■ What needs to be done
All lines from the opening of the entries below through the line containing "Definition gadj (p" must be output exactly as they appear, with no other lines.
Supplied records below:
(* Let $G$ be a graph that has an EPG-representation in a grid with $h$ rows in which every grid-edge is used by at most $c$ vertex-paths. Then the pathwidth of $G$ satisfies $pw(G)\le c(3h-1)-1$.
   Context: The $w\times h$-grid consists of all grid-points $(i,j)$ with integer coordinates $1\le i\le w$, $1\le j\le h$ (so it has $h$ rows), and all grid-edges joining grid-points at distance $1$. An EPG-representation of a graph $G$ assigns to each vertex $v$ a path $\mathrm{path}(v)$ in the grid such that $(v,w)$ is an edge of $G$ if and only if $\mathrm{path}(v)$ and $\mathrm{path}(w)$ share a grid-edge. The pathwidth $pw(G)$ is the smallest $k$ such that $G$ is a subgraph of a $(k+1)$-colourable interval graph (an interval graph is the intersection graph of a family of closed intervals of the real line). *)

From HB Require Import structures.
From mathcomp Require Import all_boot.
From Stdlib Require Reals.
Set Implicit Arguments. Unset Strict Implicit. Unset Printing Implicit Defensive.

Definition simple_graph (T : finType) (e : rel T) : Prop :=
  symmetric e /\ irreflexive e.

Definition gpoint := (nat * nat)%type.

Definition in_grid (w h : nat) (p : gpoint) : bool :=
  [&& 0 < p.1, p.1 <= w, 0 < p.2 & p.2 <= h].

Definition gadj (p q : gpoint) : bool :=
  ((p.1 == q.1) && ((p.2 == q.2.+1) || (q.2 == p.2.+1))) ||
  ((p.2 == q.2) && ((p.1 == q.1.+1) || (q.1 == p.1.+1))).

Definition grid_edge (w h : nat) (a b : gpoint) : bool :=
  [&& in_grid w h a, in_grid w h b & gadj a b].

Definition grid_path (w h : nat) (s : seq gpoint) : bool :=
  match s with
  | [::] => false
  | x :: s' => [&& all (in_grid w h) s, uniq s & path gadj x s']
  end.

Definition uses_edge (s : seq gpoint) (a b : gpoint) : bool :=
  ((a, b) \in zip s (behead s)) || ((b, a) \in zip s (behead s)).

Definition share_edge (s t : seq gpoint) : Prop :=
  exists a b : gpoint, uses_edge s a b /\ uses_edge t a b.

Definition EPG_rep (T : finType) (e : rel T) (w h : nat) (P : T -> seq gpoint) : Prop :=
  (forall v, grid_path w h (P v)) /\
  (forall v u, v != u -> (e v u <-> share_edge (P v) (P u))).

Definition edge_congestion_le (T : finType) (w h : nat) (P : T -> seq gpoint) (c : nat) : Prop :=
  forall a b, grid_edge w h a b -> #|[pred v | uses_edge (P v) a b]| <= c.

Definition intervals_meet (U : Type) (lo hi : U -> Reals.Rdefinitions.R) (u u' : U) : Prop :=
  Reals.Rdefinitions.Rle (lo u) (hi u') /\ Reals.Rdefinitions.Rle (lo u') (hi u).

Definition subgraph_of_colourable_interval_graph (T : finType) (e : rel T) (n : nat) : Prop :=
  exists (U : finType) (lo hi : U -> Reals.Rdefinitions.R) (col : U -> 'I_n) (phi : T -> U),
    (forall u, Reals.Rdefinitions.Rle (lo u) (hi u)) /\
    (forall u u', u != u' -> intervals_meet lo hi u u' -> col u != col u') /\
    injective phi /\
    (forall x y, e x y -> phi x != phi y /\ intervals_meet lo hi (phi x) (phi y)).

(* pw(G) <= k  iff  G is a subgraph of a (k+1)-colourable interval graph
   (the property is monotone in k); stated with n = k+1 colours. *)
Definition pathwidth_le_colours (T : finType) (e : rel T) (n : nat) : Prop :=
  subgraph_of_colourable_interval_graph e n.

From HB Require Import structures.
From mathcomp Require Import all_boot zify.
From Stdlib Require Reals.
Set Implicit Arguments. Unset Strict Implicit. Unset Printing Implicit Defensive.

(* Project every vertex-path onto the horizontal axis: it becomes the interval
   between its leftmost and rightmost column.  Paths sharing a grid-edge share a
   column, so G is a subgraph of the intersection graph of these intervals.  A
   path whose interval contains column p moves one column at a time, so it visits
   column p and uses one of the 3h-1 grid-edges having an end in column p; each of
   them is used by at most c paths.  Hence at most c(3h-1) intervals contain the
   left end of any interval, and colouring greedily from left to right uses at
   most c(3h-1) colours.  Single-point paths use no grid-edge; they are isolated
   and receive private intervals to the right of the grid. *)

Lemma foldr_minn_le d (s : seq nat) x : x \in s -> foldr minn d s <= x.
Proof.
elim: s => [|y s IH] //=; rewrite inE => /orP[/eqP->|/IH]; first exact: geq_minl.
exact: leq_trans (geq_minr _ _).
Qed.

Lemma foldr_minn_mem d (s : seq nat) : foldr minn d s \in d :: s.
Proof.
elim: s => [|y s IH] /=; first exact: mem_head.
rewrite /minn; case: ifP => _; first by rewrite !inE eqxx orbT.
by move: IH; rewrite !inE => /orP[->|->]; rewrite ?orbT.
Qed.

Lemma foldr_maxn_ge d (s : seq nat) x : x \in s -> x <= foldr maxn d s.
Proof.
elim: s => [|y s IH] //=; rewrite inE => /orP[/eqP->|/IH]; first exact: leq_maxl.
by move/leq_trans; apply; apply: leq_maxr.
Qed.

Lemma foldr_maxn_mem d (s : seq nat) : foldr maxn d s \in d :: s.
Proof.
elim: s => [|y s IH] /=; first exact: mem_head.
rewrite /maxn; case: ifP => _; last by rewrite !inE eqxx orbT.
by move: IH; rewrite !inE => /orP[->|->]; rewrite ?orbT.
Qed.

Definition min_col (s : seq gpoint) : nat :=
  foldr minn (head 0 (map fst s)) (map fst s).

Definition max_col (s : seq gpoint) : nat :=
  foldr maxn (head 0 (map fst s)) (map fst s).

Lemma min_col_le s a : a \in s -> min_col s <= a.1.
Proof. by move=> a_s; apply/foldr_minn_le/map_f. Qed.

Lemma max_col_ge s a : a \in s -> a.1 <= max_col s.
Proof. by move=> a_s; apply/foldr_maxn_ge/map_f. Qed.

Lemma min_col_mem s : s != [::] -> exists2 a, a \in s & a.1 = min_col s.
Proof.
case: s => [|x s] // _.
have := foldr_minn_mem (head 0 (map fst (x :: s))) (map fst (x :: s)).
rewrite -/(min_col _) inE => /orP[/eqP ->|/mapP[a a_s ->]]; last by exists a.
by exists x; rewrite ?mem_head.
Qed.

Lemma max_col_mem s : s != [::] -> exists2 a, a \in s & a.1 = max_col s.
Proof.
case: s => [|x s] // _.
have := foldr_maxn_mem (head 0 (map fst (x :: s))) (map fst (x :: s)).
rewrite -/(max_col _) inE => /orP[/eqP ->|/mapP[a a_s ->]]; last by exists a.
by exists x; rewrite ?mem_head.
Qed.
End of Supplied records.
■ Solution to the problem
(* Let $G$ be a graph that has an EPG-representation in a grid with $h$ rows in which every grid-edge is used by at most $c$ vertex-paths. Then the pathwidth of $G$ satisfies $pw(G)\le c(3h-1)-1$.
   Context: The $w\times h$-grid consists of all grid-points $(i,j)$ with integer coordinates $1\le i\le w$, $1\le j\le h$ (so it has $h$ rows), and all grid-edges joining grid-points at distance $1$. An EPG-representation of a graph $G$ assigns to each vertex $v$ a path $\mathrm{path}(v)$ in the grid such that $(v,w)$ is an edge of $G$ if and only if $\mathrm{path}(v)$ and $\mathrm{path}(w)$ share a grid-edge. The pathwidth $pw(G)$ is the smallest $k$ such that $G$ is a subgraph of a $(k+1)$-colourable interval graph (an interval graph is the intersection graph of a family of closed intervals of the real line). *)

From HB Require Import structures.
From mathcomp Require Import all_boot.
From Stdlib Require Reals.
Set Implicit Arguments. Unset Strict Implicit. Unset Printing Implicit Defensive.

Definition simple_graph (T : finType) (e : rel T) : Prop :=
  symmetric e /\ irreflexive e.

Definition gpoint := (nat * nat)%type.

Definition in_grid (w h : nat) (p : gpoint) : bool :=
  [&& 0 < p.1, p.1 <= w, 0 < p.2 & p.2 <= h].

Definition gadj (p q : gpoint) : bool :=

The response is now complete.